С. И. Фудель был захвачен и покорен личностью отца Алексия — страницы «Воспоминаний» о старце и о его обители проникнуты горячим чувством любви и веры. Одно из самых пронзительных воспоминаний юности Фуделя — об исповеди у загворника — старца: в маленькой надвратной церкви перед образом Нерукотворного Спаса горит лампада. Отец Алексий сидит вдали от людей и исповедует подолгу. «Стоишь в ожидании своей очереди и слышишь невнятный говор его низкого мягкого баса. Он в чем‑то убеждает пришедшего на исповедь, что‑то старается открыть ему, с чем‑то спорит, о чем‑то умоляет. Через какую‑то толщу самолюбия, забвения, неведения, ложного стыда, а главное, бесчувствия и окаменения души нужно пробиться изнемогающему от своих лет и подвигов затворнику, чтобы “теплая заря покаяния” зажглась в темноте этой души»[42].
Старец стучал в сердца исповедующихся, но тому, кто сидел в ожидании своей очереди, казалось, что исповедь у отца Алексия была не только исповедью кающегося, но и исповедью самого старца, исповедующего в ней свою веру — любовь ко Христу. Не только таинство покаяния, но и все монастырские службы в Зосимовой обители были особенными. У Сергея Фуделя, который доверчиво отдавал всего себя красоте богослужения, возникало чувство, будто он сел в крепкую ладью и она вздымает его на волнах все выше и выше: было одновременно и страшно, и неизъяснимо хорошо. В службе монастыря он чувствовал нечто как бы непреклонное перед миром: что‑то безжалостное ко всем «мирским полусловам, получувствам, полумолитвам, с оборачиванием все время на себя, на свое настроение или на свою слабость. Тут что‑нибудь одно: или уходи, потому что стоять надо долго и трудно, или же бросай свои лень и трусость, сомнение и грех и в священном безумии иди за этими голосами, стройно и сладостно и страшно поющими все про одно…»[43]
Это одно было — возлюбить Господа Бога своего всем сердцем своим, всей душой своей, всем разумением и всею крепостью. «И вот монахи сходятся вместе, и тогда под своды возносится так легко и непобедимо торжествующая песня: “Ему одному служи!”»[44] Сергей Фудель помнил, что ребенком засыпал во время ночных монастырских служб, но и в сны его властно вливались голоса поющих; он открывал глаза, видел огни, видел отца, стоящего рядом, и радовался, что никто не заметил его сна.
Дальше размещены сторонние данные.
Lemma sum_mul_dLambda w nu S :
  (forall E, nu E != 0 -> E \subset S) ->
  \sum_E nu E * dLambda p w E =
  \sum_(L : {set V} | (2 <= #|L|)%N && (L \subset S))
     d_nu nu L * d_nu w L * p ^- #|L|.
Proof.
move=> nu_supp; rewrite /dLambda.
under eq_bigr do rewrite mulr_sumr.
rewrite (exchange_big_dep (fun L : {set V} => (2 <= #|L|)%N)) /=;
  last by move=> E L _ /andP[].
rewrite [RHS]big_mkcondr /=; apply: eq_bigr => L L2; rewrite L2 /=.
rewrite -mulr_suml -/(d_nu nu L); case: ifP => LS; first by rewrite mulrA.
rewrite /d_nu big1 ?mul0r // => E LE; apply/eqP; apply: contraFT LS => nuE.
exact: (fintype.subset_trans LE (nu_supp E nuE)).
Qed.

Lemma sqr_e_nu_le_Lambda_in w nu S :
  (forall E, 0 <= nu E) ->
  (forall E, nu E != 0 -> E \subset S /\ 1 <= dLambda p w E) ->
  e_nu nu ^+ 2 <= Lambda p nu * Lambda_in p w S.
Proof.
move=> nu_ge0 nu_supp.
have e_le : e_nu nu <= \sum_E nu E * dLambda p w E.
  apply: ler_sum => E _; have [->|nuE] := eqVneq (nu E) 0; first by rewrite mul0r.
  by rewrite -{1}(mulr1 (nu E)) ler_wpM2l // (nu_supp E nuE).2.
rewrite (sum_mul_dLambda w (fun E nuE => (nu_supp E nuE).1)) in e_le.
have p_inv_ge0 (L : {set V}) : 0 <= p ^- #|L| by rewrite invr_ge0 exprn_ge0.
have CS := weighted_CauchySchwarz
  (fun L : {set V} => (2 <= #|L|)%N && (L \subset S)) (d_nu nu) (d_nu w) p_inv_ge0.
have e_ge0 : 0 <= e_nu nu by apply: sumr_ge0.
apply: le_trans (le_trans _ CS) _.
  by rewrite ler_sqr ?nnegrE // (le_trans e_ge0 e_le).
by rewrite ler_wpM2r ?Lambda_in_ge0 ?Lambda_in_le_Lambda.
Qed.

Lemma not_janson_of_dLambda_ge1 (Gh J : hypergraph V) w S (Rb : R) :
  0 < Rb -> (forall E, Gh E -> 1 <= dLambda p w E) -> Lambda_in p w S <= Rb ->
  (forall E, J E -> Gh E /\ E \subset S) ->
  ~ janson p Rb J.
Proof.
move=> Rb_gt0 w_ge1 wS_le JS [nu [[nu_ge0 nu_out] lt_e]].
have nu_supp E : nu E != 0 -> E \subset S /\ 1 <= dLambda p w E.
  move=> nuE; have [/JS[GE ES]|nJE] := pselect (J E); first by split; last exact: w_ge1.
  by rewrite nu_out ?eqxx in nuE.
rewrite ltr_pdivlMr // in lt_e.
have := le_trans (sqr_e_nu_le_Lambda_in nu_ge0 nu_supp)
  (ler_wpM2l (Lambda_ge0 p_ge0 nu) wS_le).
by rewrite leNgt lt_e.
Qed.

Lemma not_janson0 (Gh : hypergraph V) : ~ janson p 0 Gh.
Proof.
by move=> [nu [_]]; rewrite invr0 mulr0 ltNge Lambda_ge0.
Qed.

End Certificate.

Section Dual.
Variables (R : realType) (V : finType) (p : R).
Implicit Types (b w nu : {set V} -> R).

Definition in_box b nu := forall E, 0 <= nu E <= b E.

Lemma exists_argmin_in_box b : (forall E, 0 <= b E) ->
  exists2 w, in_box b w & forall nu, in_box b nu ->
    Lambda p w - 2 * e_nu w <= Lambda p nu - 2 * e_nu nu.
Proof.
move=> b_ge0; pose m := #|{set V}|.
pose of_row (v : 'rV[R]_m) E := v ord0 (enum_rank E).
pose A := [set v : 'rV[R]_m | forall j, `[0, b (enum_val j)]%classic (v ord0 j)]%classic.
have A_compact : compact A.
  exact: rV_compact (fun j => @segment_compact R 0 (b (enum_val j))).
have A_neq0 : (A !=set0)%classic by exists 0 => j /=; rewrite mxE in_itv /= lexx b_ge0.
have F_cont :
    {within A, continuous (fun v => Lambda p (of_row v) - 2 * e_nu (of_row v))}%classic.
  have row_cont E : continuous (fun v => of_row v E) by move=> v; apply: coord_continuous.
  have Lambda_cont : continuous (fun v => Lambda p (of_row v)).
    apply: continuous_sum => L; apply: continuous_mul; last exact: cst_continuous.
    have d_cont : continuous (fun v => d_nu (of_row v) L) by apply: continuous_sum.
    exact: (continuous_mul d_cont d_cont).
  have e_cont : continuous (fun v => 2 * e_nu (of_row v)).
    by apply: continuous_mul; [exact: cst_continuous | apply: continuous_sum].
  by apply: continuous_subspaceT => v; exact: (continuousB (Lambda_cont v) (e_cont v)).
have [c Ac c_min] := compact_EVT_min A_neq0 A_compact F_cont.
exists (of_row c) => [E|nu nu_box].
  by move: Ac; rewrite inE => /(_ (enum_rank E)); rewrite /= enum_rankK in_itv.
have -> : nu = of_row (\row_j nu (enum_val j)).
  by apply: funext => E; rewrite /of_row mxE enum_rankK.
by apply: c_min; rewrite inE => j; rewrite mxE /= in_itv /= nu_box.
Qed.

Hypothesis p_ge0 : 0 <= p.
Потом отец выводил его во дворик храма и усаживал на лавочку, вдохнуть ночной свежести, увидеть звездное небо. И не мог забыть — как не хотелось ему уходить, как рвался он обратно в храм, чтобы еще раз подняться на крепкой ладье к сводам церкви и к небесным звездам. Музыку и слова монастырского духовного пения воспринимал как подлинную благодать, как «печать дара Духа Святого».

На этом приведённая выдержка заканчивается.